The current 18 board members (as of June 2013) are:[4]

    Dolby Laboratories Inc.
    DTS Inc.
    Hitachi, Ltd.
    Intel Corporation
    LG Electronics
    Mitsubishi Electric
    Oracle Corporation
    Panasonic Corporation
    Pioneer Corporation
    Royal Philips Electronics
    Samsung Electronics
    Sharp Corporation
    Sony Corporation
    TDK Corporation
    Technicolor
    20th Century Fox
    Walt Disney Motion Pictures Group
    Warner Bros. Entertainment

[...]


It's possible that Sony's share be 10% or even something more, but 20-30% is very unlikely. Samsung, Philips, Panasonic, Mitsubishi, Sony, LG, Pioneer and Hitachi are, or were when they created association and standard, all big in optical drives, while TDK is the biggest of the whole association in optical discs, Oracle provided the Java dialect for the interactive contents, Intel, Dolby and the others added some other things. But even just counting the biggest members in the sole optical tech and imagining other techs account for, say, no more than 10%, it's quite difficult to stretch Sony's share up to 20% or beyond.
But let's accept 20%, that means something less than $2 per unit from MS to Sony, not $2-3.
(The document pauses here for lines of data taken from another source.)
Lemma ln1p_taylor_bound M v :
  Rabs v <= 1/2 -> Rabs (ln (1 + v) - log1p_taylor M v) <= 2 * Rabs v ^ S M.
Proof.
  intros Hv.
  set (phi := fun r => ln (1 + r) - log1p_taylor M r).
  assert (Hseg : forall c, Rmin 0 v <= c <= Rmax 0 v -> Rabs c <= Rabs v).
  { intros c Hc. unfold Rmin, Rmax in Hc. apply Rabs_le.
    destruct (Rle_dec 0 v); [rewrite Rabs_pos_eq | rewrite Rabs_left]; lra. }
  assert (Hd : forall c, Rmin 0 v <= c <= Rmax 0 v ->
    is_derive phi c (/ (1 + c) - geom_alt M c)).
  { intros c Hc. pose proof (Hseg c Hc) as Hcv.
    assert (Hc1 : Rabs c <= 1/2) by lra. apply Rabs_le_between in Hc1.
    apply (is_derive_minus (fun r => ln (1 + r))); [|apply is_derive_log1p_taylor].
    auto_derive; [lra | field; lra]. }
  destruct (MVT_gen phi 0 v (fun c => / (1 + c) - geom_alt M c)) as [c [Hc Hmvt]].
  - intros c Hc. apply Hd. lra.
  - intros c Hc. apply continuity_pt_filterlim.
    apply (ex_derive_continuous (K := R_AbsRing) (V := R_NormedModule)). eexists. apply Hd, Hc.
  - assert (Hphi0 : phi 0 = 0).
    { unfold phi. rewrite Rplus_0_r, ln_1, log1p_taylor_0. ring. }
    change (ln (1 + v) - log1p_taylor M v) with (phi v).
    replace (phi v) with ((/ (1 + c) - geom_alt M c) * v)
      by (rewrite Rminus_0_r in Hmvt; rewrite <- Hmvt, Hphi0; ring).
    pose proof (Hseg c Hc) as Hcv.
    rewrite Rabs_mult. simpl. rewrite (Rmult_comm (Rabs v)), <- Rmult_assoc.
    apply Rmult_le_compat_r; [apply Rabs_pos|].
    eapply Rle_trans; [apply inv1p_geom_alt_bound; lra|].
    apply Rmult_le_compat_l; [lra|]. apply pow_incr. split; [apply Rabs_pos | exact Hcv].
Qed.

Lemma bigO_abs f g : bigO f g -> bigO (fun x => Rabs (f x)) g.
Proof.
  intros [C H]. exists C. eapply ultimately_mono; [|exact H]. intros x. rewrite Rabs_Rabsolu. auto.
Qed.

Lemma expansion_comp_small N g p v :
  (forall r, Rabs r <= 1/2 -> Rabs (g r - p r) <= 2 * Rabs r ^ S N) ->
  has_expansion N (fun x => p (v x)) -> bigO v ell -> has_expansion N (fun x => g (v x)).
Proof.
  intros Hgp Hp Hv. apply (expansion_close N _ _ Hp).
  apply (bigO_trans _ (fun x => Rabs (v x) ^ S N)); [|exact (bigO_pow _ _ _ (bigO_abs _ _ Hv))].
  exists 2. eapply ultimately_mono; [|exact (bigO_ell_small v (1/2) Hv ltac:(lra))].
  intros x Hx. exact (Hgp (v x) Hx).
Qed.

Lemma expansion_geom_alt N M v : has_expansion N v -> has_expansion N (fun x => geom_alt M (v x)).
Proof.
  intros Hv. induction M as [|M IH]; [exact (expansion_const N 0)|].
  apply (expansion_add N _ _ IH). apply expansion_pow.
  apply (expansion_eq N (fun x => -1 * v x)); [intros; ring | apply expansion_scal, Hv].
Qed.

Lemma expansion_log1p_taylor N M v : has_expansion N v -> has_expansion N (fun x => log1p_taylor M (v x)).
Proof.
  intros Hv. induction M as [|M IH]; [exact (expansion_const N 0)|].
  apply (expansion_add N _ _ IH).
  apply (expansion_eq N (fun x => ((-1) ^ M / INR (S M)) * v x ^ S M)); [intros; unfold Rdiv; ring|].
  apply expansion_scal, expansion_pow, Hv.
Qed.

Lemma expansion_ln1p N v :
  has_expansion N v -> bigO v ell -> has_expansion N (fun x => ln (1 + v x)).
Proof.
  intros Hv Hsmall. apply (expansion_comp_small N (fun r => ln (1 + r)) (log1p_taylor N)); auto.
  - exact (ln1p_taylor_bound N).
  - apply expansion_log1p_taylor, Hv.
Qed.

Lemma expansion_inv1p N v :
  has_expansion N v -> bigO v ell -> has_expansion N (fun x => / (1 + v x)).
Proof.
  intros Hv Hsmall. apply (expansion_comp_small N (fun r => / (1 + r)) (geom_alt (S N))); auto.
  - intros r Hr. exact (inv1p_geom_alt_bound (S N) r Hr).
  - apply expansion_geom_alt, Hv.
Qed.

Lemma expansion_inv_near_1 N f :
  has_expansion N f -> bigO (fun x => f x - 1) ell -> has_expansion N (fun x => / f x).
Proof.
  intros Hf Hf1. apply (expansion_eq N (fun x => / (1 + (f x - 1)))); [intros; f_equal; ring|].
  apply expansion_inv1p; [apply expansion_sub; [exact Hf | apply expansion_const] | exact Hf1].
Qed.

(** * The logarithmic integral *)

Definition inv_ln_pow (m : nat) (t : R) : R := / ln t ^ m.

Lemma inv_ln_pow_pos m z : 1 < z -> 0 < inv_ln_pow m z.
Proof. intros H. apply Rinv_0_lt_compat, pow_lt, ln_pos_gt_1, H. Qed.

Lemma inv_ln_pow_S m y : inv_ln_pow (S m) y = inv_ln_pow 1 y ^ S m.
Proof. unfold inv_ln_pow. rewrite pow_1, pow_inv. reflexivity. Qed.

Lemma inv_ln_pow_le m a b : 1 < a -> a <= b -> inv_ln_pow m b <= inv_ln_pow m a.
Proof.
  intros Ha Hab. pose proof (ln_pos_gt_1 a Ha). apply Rinv_le_contravar; [apply pow_lt; lra|].
  apply pow_incr. split; [lra | apply ln_le; lra].
Qed.

Lemma is_derive_inv_ln_pow m z :
  1 < z -> is_derive (inv_ln_pow m) z (- INR m / z * inv_ln_pow (S m) z).
Proof.
  intros H. pose proof (ln_pos_gt_1 z H). unfold inv_ln_pow. auto_derive.
  - repeat split; try lra. apply pow_nonzero. lra.
  - destruct m; simpl; field; repeat split; try lra; apply pow_nonzero; lra.
Qed.

Lemma continuous_inv_ln_pow m z : 1 < z -> continuous (inv_ln_pow m) z.
Proof.
  intros H. apply (ex_derive_continuous (K := R_AbsRing) (V := R_NormedModule)).
  eexists. exact (is_derive_inv_ln_pow m z H).
Qed.

Lemma ex_RInt_inv_ln_pow m a b : 1 < a -> 1 < b -> ex_RInt (inv_ln_pow m) a b.
Proof.
  intros Ha Hb. apply (ex_RInt_continuous (V := R_CompleteNormedModule)). intros z Hz.
  apply continuous_inv_ln_pow. unfold Rmin, Rmax in Hz. destruct (Rle_dec a b); lra.
Qed.

Lemma RInt_inv_ln_pow_bounds m a b : 1 < a -> a <= b ->
  (b - a) * inv_ln_pow m b <= RInt (inv_ln_pow m) a b <= (b - a) * inv_ln_pow m a.
Proof.
  intros Ha Hab. rewrite <- !(RInt_const (V := R_CompleteNormedModule)). split.
  - apply RInt_le; auto using ex_RInt_const, ex_RInt_inv_ln_pow with real.
    + apply ex_RInt_inv_ln_pow; lra.
    + intros x Hx. apply inv_ln_pow_le; lra.
  - apply RInt_le; auto using ex_RInt_const.
    + apply ex_RInt_inv_ln_pow; lra.
    + intros x Hx. apply inv_ln_pow_le; lra.
Qed.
Anyhow, like I already wrote, I still think that if we sum the money on HW and installed SW and FW royalties, plus the royalties on discs, plus the value of MS endorsing and helping spreading the standard (relative value further increased by the fact that during the format war MS was instead fighting AGAINST BD), the benefit for Sony is far bigger than those hundreds million $.

This article from 2008 speculates:

"The royalties will be split among several players, said Doherty.

Blu-ray has a lot of grandfathers. A lot of people call it a Sony standard but by our estimates Sony doesn't even have 30 percent of the IP," Doherty said. The top four intellectual property holders are likely Sony, Panasonic, Pioneer, and Warner."

http://news.cnet.com/8301-10784_3-9874317-7.html

"Sony doesn't even have 30 percent" sounds to me like they could be somewhat close to that number.

Even counting only the 9 initial members and taking into account those four were the top IP holders, they'd have to divide a share smaller than 100%, as the others members have a share too. Then you must add the other 9 members that entered later, each one giving its big or little contribution. TDK gave a big one, amongst its tech contributions there was one for hardening the external layer of the discs enough to not require a cartridge. Then there is Oracle, owner of Java, used as basis for BD-J. Then there are the patents cross-licensed on audio and video codecs, processing and filters. Then there is one of the most important techs in BD, and its most iconic, the blue laser diode itself, Sony owns part of the techs of one of the most widespread implementations, but it isn't the sole owner of it and it hasn't exclusive rights on it, this contributes to further divide royalties on the most important patents of the standard. And all this just to mention the most known contributions. "Doesn't even have 30%" doesn't necessarily mean "close to 30%", it depends on the context, and this one was quite negative, about denying that BD was a mainly Sony-owned standard. Add that he wrote "the top four are LIKELY", not surely and implying their share exceed the one of others but not overwhelmingly. Anyhow, as I wrote, stretching Sony's estimated share to 20% starts being in the difficult range, but not impossible or unlikely, stretching it further becomes unlikely. We are still in the same order of magnitude for the estimate, anyhow, unlike those that underestimate Sony's share putting it around or below 10% and underestimating the royalties due on each console too, making the order of magnitude drop from hundreds to tens million $. Anyhow, as I wrote, MS adoption of BD will probably help Sony in a far larger measure than the money directly given to it.